Saying it with a sneer:
BECAUSE TRUMP RALLIES WEREN'T ENOUGH LIKE SPORTING EVENTS: The TRUMP campaign announces a tailgate party in the parking lot of the Toyota Center before tomorrow's rally, featuring food trucks, live music, appearances by campaign spokespeople & big screens to see Trump’s speech. pic.twitter.com/ymwSOFteI6
— Kenneth P. Vogel (@kenvogel) October 22, 2018
This is, in fact, effective and creative advance work by the Trump campaign (or whatever it is now). I would have thought 2016 was a teachable moment for liberal Democrats about underestimating the opposition, but apparently not.

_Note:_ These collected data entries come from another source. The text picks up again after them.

(* Let $(h_t^\psi,h_t^{\widetilde\psi})$ be two solutions of the conditioned Langevin dynamics (described in the context) on $D$ with boundary data $\psi,\widetilde\psi$ respectively and the same conditioning $a,b$, driven by the same Brownian motions, and let $\overline h=h^\psi-h^{\widetilde\psi}$. There exists $C>0$ depending only on $\mathcal V$ such that for every $T>S$, $\sum_{x\in D}|\overline h_T(x)|^2+\int_S^T\sum_{b\in D^*}|\nabla\overline h_t(b)|^2dt\le C\Big(\sum_{x\in D}|\overline h_S(x)|^2+\int_S^T\sum_{b\in\partial D^*}|\overline\psi(x_b)||\nabla\overline h_t(b)|dt\Big)$.
   Context: $\mathcal{V}\in C^2(\mathbf{R})$ with $\mathcal{V}(x)=\mathcal{V}(-x)$, $0<a_{\mathcal V}\le\mathcal V''\le A_{\mathcal V}<\infty$, $\mathcal V''$ Lipschitz. $D\subseteq\mathbf Z^2$ is bounded, $\partial D$ the set of vertices outside $D$ adjacent to $D$, $D^*$ the edges with at least one endpoint in $D$, $\partial D^*$ the edges joining $D$ to $\partial D$, and for $b\in\partial D^*$, $x_b$ is its endpoint in $\partial D$; $\nabla f(b)=f(y)-f(x)$ for $b=(x,y)$; gradients of $\overline h$ on boundary edges use the extension by $\overline\psi=\psi-\widetilde\psi$ on $\partial D$. $a,b:D\to[-\infty,\infty]$ with $a\le b$. The conditioned Langevin dynamics with boundary data $\psi$ is the solution of $dh_t(x)=\sum_{b\ni x}\mathcal V'(\nabla(h_t\vee\psi)(b))dt+d[\ell_t^a-\ell_t^b](x)+\sqrt2dW_t(x)$, $x\in D$, $t\in\mathbf R$, where the edges $b\ni x$ are oriented with initial point $x$, $h\vee\psi$ is $h$ on $D$ and $\psi$ on $\partial D$, $W$ is a family of independent standard two-sided Brownian motions, and $\ell^a(x),\ell^b(x)$ are non-decreasing bounded-variation processes which increase only when $h_t(x)=a(x)$, resp. $h_t(x)=b(x)$ ($\ell^a\equiv0$ if $a(x)=-\infty$, $\ell^b\equiv0$ if $b(x)=\infty$), keeping $a\le h_t\le b$. *)

From HB Require Import structures.
From mathcomp Require Import all_boot all_order all_algebra.
From mathcomp Require Import all_classical all_reals all_analysis.
Set Implicit Arguments. Unset Strict Implicit. Unset Printing Implicit Defensive.
Import Order.TTheory GRing.Theory Num.Theory.
Import numFieldNormedType.Exports.
Local Open Scope classical_set_scope.
Local Open Scope ring_scope.

Definition vtx := (int * int)%type.

Definition nbrs (z : vtx) : seq vtx :=
  [:: (z.1 + 1, z.2); (z.1 - 1, z.2); (z.1, z.2 + 1); (z.1, z.2 - 1)].

(* lexicographic strict order, used to pick one orientation per edge *)
Definition lexlt (x y : vtx) : bool :=
  (x.1 < y.1) || ((x.1 == y.1) && (x.2 < y.2)).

13 days until Election Day. 13 days. That’s less than two weels, still a long time in politics, although with the pernicious spread of early voting — Election Day should be a national holiday — not so long as it used to be.
Lots of prognostications on the Blue Wave:
“Pelosi says Dems would ‘handily’ win House if election were held today” [The Hill]. “‘If the election were held today, the Democrats would handily win the House,’ Pelosi said during a CNN political forum. ‘I can only speak in the present tense, because [as I keep saying….] . … I’m telling you what would happen today. But we fully intend to own the ground, not yield one grain of sand, and get out the vote,’ she added. ‘And that makes all the difference.'” • Pelosi measuring the drapes for the Speaker’s office? Not a good look.

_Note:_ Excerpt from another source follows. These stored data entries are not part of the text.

Lemma matrix_op_symmetric_trunc N x y : is_l2 y ->
  inner (trunc N x) (matrix_op M y) = inner (matrix_op M (trunc N x)) y.
Proof.
  intros Hy.
  assert (Hrow : forall i, ex_CSeries (fun j => Cmult (M i j) (y j))).
  { intros i; apply (ex_CSeries_ext (fun j => Cmult (Cconj (conj_row M i j)) (y j))).
    - intros j; unfold conj_row; rewrite Cconj_conj; reflexivity.
    - apply ex_CSeries_inner; auto using conj_row_l2. }
  unfold inner at 1.
  rewrite (CSeries_finite_support _ N)
    by (intros n Hn; rewrite trunc_finite_support by auto; csolve).
  rewrite (sum_n_ext_loc _ (fun i => CSeries (fun j => Cmult (Cconj (x i)) (Cmult (M i j) (y j)))))
    by (intros i Hi; unfold matrix_op; rewrite trunc_le, <- CSeries_scal by auto; reflexivity).
  rewrite <- CSeries_sum_n by (intros; apply ex_CSeries_scal; auto).
  unfold inner; apply CSeries_ext; intros j; unfold matrix_op.
  rewrite (CSeries_finite_support _ N)
    by (intros n Hn; rewrite trunc_finite_support by auto; csolve).
  rewrite sum_n_Cconj, <- (sum_n_mult_r (K := C_Ring)); apply sum_n_ext_loc; intros i Hi.
  rewrite trunc_le, (Hherm j i) by auto; change mult with Cmult; csolve.
Qed.

Lemma matrix_op_symmetric x y : is_l2 x -> is_l2 y ->
  inner x (matrix_op M y) = inner (matrix_op M x) y.
Proof.
  intros Hx Hy.
  assert (HMl2 := fun z Hz => proj1 (matrix_op_contraction M HS z Hz)).
  assert (HMle := fun z Hz => proj2 (matrix_op_contraction M HS z Hz)).
  set (D := Cminus (inner x (matrix_op M y)) (inner (matrix_op M x) y)).
  set (K := 2 * (norm2 (matrix_op M y) + norm2 y)).
  assert (Htail : forall N, Cmod D ^ 2 <= K * norm2 (vminus x (trunc N x))).
  { intros N; set (u := vminus x (trunc N x)).
    assert (Ht : is_l2 (trunc N x)) by (apply trunc_l2; auto).
    assert (Hu : is_l2 u) by (apply is_l2_minus; auto).
    assert (ED : D = Cminus (inner u (matrix_op M y)) (inner (matrix_op M u) y)).
    { unfold D, u; rewrite inner_minus_l, matrix_op_minus, inner_minus_l,
        matrix_op_symmetric_trunc; auto; csolve. }
    assert (C1 := Cauchy_Schwarz u (matrix_op M y) Hu (HMl2 y Hy)).
    assert (C2 := Cauchy_Schwarz (matrix_op M u) y (HMl2 u Hu) Hy).
    assert (N1 := HMle u Hu).
    pose proof (norm2_nonneg _ Hu); pose proof (norm2_nonneg _ Hy);
      pose proof (norm2_nonneg _ (HMl2 u Hu)); pose proof (norm2_nonneg _ (HMl2 y Hy)).
    rewrite ED; eapply Rle_trans; [apply Cmod2_minus_le|]; unfold K; nra. }
  assert (HD : Cmod D ^ 2 <= 0).
  { apply Rle_plus_epsilon; intros eps Heps.
    assert (HK : 0 <= K).
    { pose proof (norm2_nonneg _ (HMl2 y Hy)); pose proof (norm2_nonneg y Hy); unfold K; lra. }
    destruct (norm2_minus_trunc_small x Hx (eps / (K + 1))) as [N HN]; [apply Rdiv_lt_0_compat; lra|].
    specialize (Htail N).
    pose proof (norm2_nonneg _ (is_l2_minus _ _ Hx (trunc_l2 N x Hx))).
    assert (E : (K + 1) * (eps / (K + 1)) = eps) by (field; lra).
    nra. }
  apply Ceq_minus, Cmod_eq_0; pose proof (Cmod_ge_0 D); fold D; nra.
Qed.

Lemma matrix_op_symmetric_op : symmetric_op (matrix_op M).
Proof.
  split.
  - intros; apply matrix_op_contraction; auto.
  - apply matrix_op_plus; auto.
  - apply matrix_op_scal; auto.
  - apply matrix_op_symmetric.
Qed.

End HermitianMatrix.

(** * Positivity from the trace condition *)

Lemma ratio_gap_le a b K : 0 < a -> 1 < K -> K * a <= b ->
  (K - 1) ^ 2 * a * (a + b) <= (b - a) ^ 2 * (K + 1).
Proof.
  intros Ha HK Hb.
  pose (s := (K - 1) * a); pose (t := b - a).
  assert (Hs : 0 < s) by (unfold s; nra); assert (Ht : s <= t) by (unfold s, t; nra).
  apply Rmult_le_reg_r with a; auto.
  replace ((K - 1) ^ 2 * a * (a + b) * a) with (s ^ 2 * (2 * a + t)) by (unfold s, t; ring).
  replace ((b - a) ^ 2 * (K + 1) * a) with (t ^ 2 * (s + 2 * a)) by (unfold s, t; ring).
  clearbody s t.
  assert (s ^ 2 * t <= t ^ 2 * s) by (assert (0 <= s * t * (t - s)) by (apply Rmult_le_pos; nra); nra).
  assert (s ^ 2 * (2 * a) <= t ^ 2 * (2 * a)) by (apply Rmult_le_compat_r; nra).
  nra.
Qed.

(** With [a = |u|^2], [b = |w|^2] and [c = Re <u, w>], this bounds [|u - w|^2] from below. *)
Lemma gap_lower_bound a b c K : 0 < a -> 1 < K -> K * a <= b -> c ^ 2 <= a * b ->
  (K - 1) ^ 2 * a <= (a + b - 2 * c) * (2 * (K + 1)).
Proof.
  intros Ha HK Hb Hc.
  assert (Hab : 0 < a + b) by nra.
  assert (Hamgm : c ^ 2 <= ((a + b) / 2) ^ 2) by (pose proof (pow2_ge_0 (a - b)); nra).
  assert (Hc1 : c <= (a + b) / 2) by nra.
  assert (Hc2 : - ((a + b) / 2) <= c) by nra.
  assert (Hsq : (b - a) ^ 2 <= (a + b - 2 * c) * (2 * (a + b))).
  { assert ((b - a) ^ 2 <= (a + b - 2 * c) * (a + b + 2 * c)) by nra.
    assert ((a + b - 2 * c) * (a + b + 2 * c) <= (a + b - 2 * c) * (2 * (a + b)))
      by (apply Rmult_le_compat_l; lra).
    lra. }
  assert (H4 := ratio_gap_le a b K Ha HK Hb).
  apply Rmult_le_reg_r with (a + b); auto.
  apply Rle_trans with ((b - a) ^ 2 * (K + 1)); auto.
  replace ((a + b - 2 * c) * (2 * (K + 1)) * (a + b))
    with ((a + b - 2 * c) * (2 * (a + b)) * (K + 1)) by ring.
  apply Rmult_le_compat_r; lra.
Qed.

(** [e_p = |(1 - A)^p x|^2] is log-convex ([e_(p+1)^2 <= e_p e_(p+2)] by Cauchy--Schwarz), and
    [e_1 > e_0] because [<x, (1 - A) x> > |x|^2]. *)
Lemma norm2_compl_pow_growth A x : symmetric_op A -> is_l2 x -> fst (inner x (A x)) < 0 ->
  exists K, 1 < K /\ forall p,
    0 < norm2 (mixed_pow A x p 0) /\ K * norm2 (mixed_pow A x p 0) <= norm2 (mixed_pow A x (S p) 0).
Proof.
  intros HA Hx Hneg; assert (HAl2 := sym_l2 A HA).
  set (e := fun p => norm2 (mixed_pow A x p 0)).
  assert (Hx0 : 0 < e 0%nat).
  { destruct (Rle_lt_or_eq_dec 0 (norm2 x) (norm2_nonneg x Hx)) as [Hlt|Heq]; auto; exfalso.
    assert (C := Cauchy_Schwarz x (A x) Hx (HAl2 x Hx)); rewrite <- Heq in C.
    assert (C2 := fst2_le_Cmod2 (inner x (A x))); nra. }
  assert (Hlogc : forall p, e (S p) ^ 2 <= e p * e (S (S p))).
  { intros p; unfold e; rewrite <- !Re_inner_self.
    replace (inner (mixed_pow A x (S p) 0) (mixed_pow A x (S p) 0))
      with (inner (mixed_pow A x p 0) (mixed_pow A x (S (S p)) 0))
      by (rewrite !inner_mixed_pow by auto; do 2 f_equal; lia).
    eapply Rle_trans; [apply fst2_le_Cmod2|]; rewrite !Re_inner_self.
    apply Cauchy_Schwarz; apply mixed_pow_l2; auto. }
  set (d := - fst (inner x (A x))).
  assert (He1 : (e 0%nat + d) ^ 2 <= e 0%nat * e 1%nat).
  { replace (e 0%nat + d) with (fst (inner x (mixed_pow A x 1 0))).
    - eapply Rle_trans; [apply fst2_le_Cmod2 | apply Cauchy_Schwarz; auto using mixed_pow_l2].
    - rewrite Re_inner_mixed_pow_succ_l by auto; unfold e, d; rewrite <- Re_inner_self; reflexivity. }
  set (K := e 1%nat / e 0%nat).
  assert (HK : 1 < K).
  { unfold K; apply Rmult_lt_reg_r with (e 0%nat); [lra|].
    unfold Rdiv; rewrite Rmult_assoc, Rinv_l by lra.
    assert (0 < d) by (unfold d; lra); nra. }
  exists K; split; [exact HK|].
  change (forall p, 0 < e p /\ K * e p <= e (S p)).
  induction p as [|p [P1 P2]].
  - split; [lra | unfold K; right; field; lra].
  - specialize (Hlogc p); split; [nra|].
    apply Rmult_le_reg_l with (e p); auto.
    assert (0 < e (S p)) by nra.
    assert (K * e p * e (S p) <= e (S p) * e (S p)) by (apply Rmult_le_compat_r; lra).
    simpl in Hlogc; nra.
Qed.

“Bernie Sanders casts doubt on blue wave” [The Hill]. “‘I know a lot of people talk about this blue wave and all that stuff, but I don’t believe it,’ Sanders told Hill.TV’s ‘Rising’ co-host Krystal Ball during an interview that aired on Monday. Sanders said he believes that the outcome from Nov. 6 will be a ‘very, very close’ situation and predicts that only a ‘handful of votes’ will determine whether Democrats are able to regain control of the House or Senate. ‘We have an entity able to stand up to [President] Trump or we don’t,’ the former presidential candidate said.” • Sanders, unlike Pelosi, conveys the impression that your vote counts. Odd.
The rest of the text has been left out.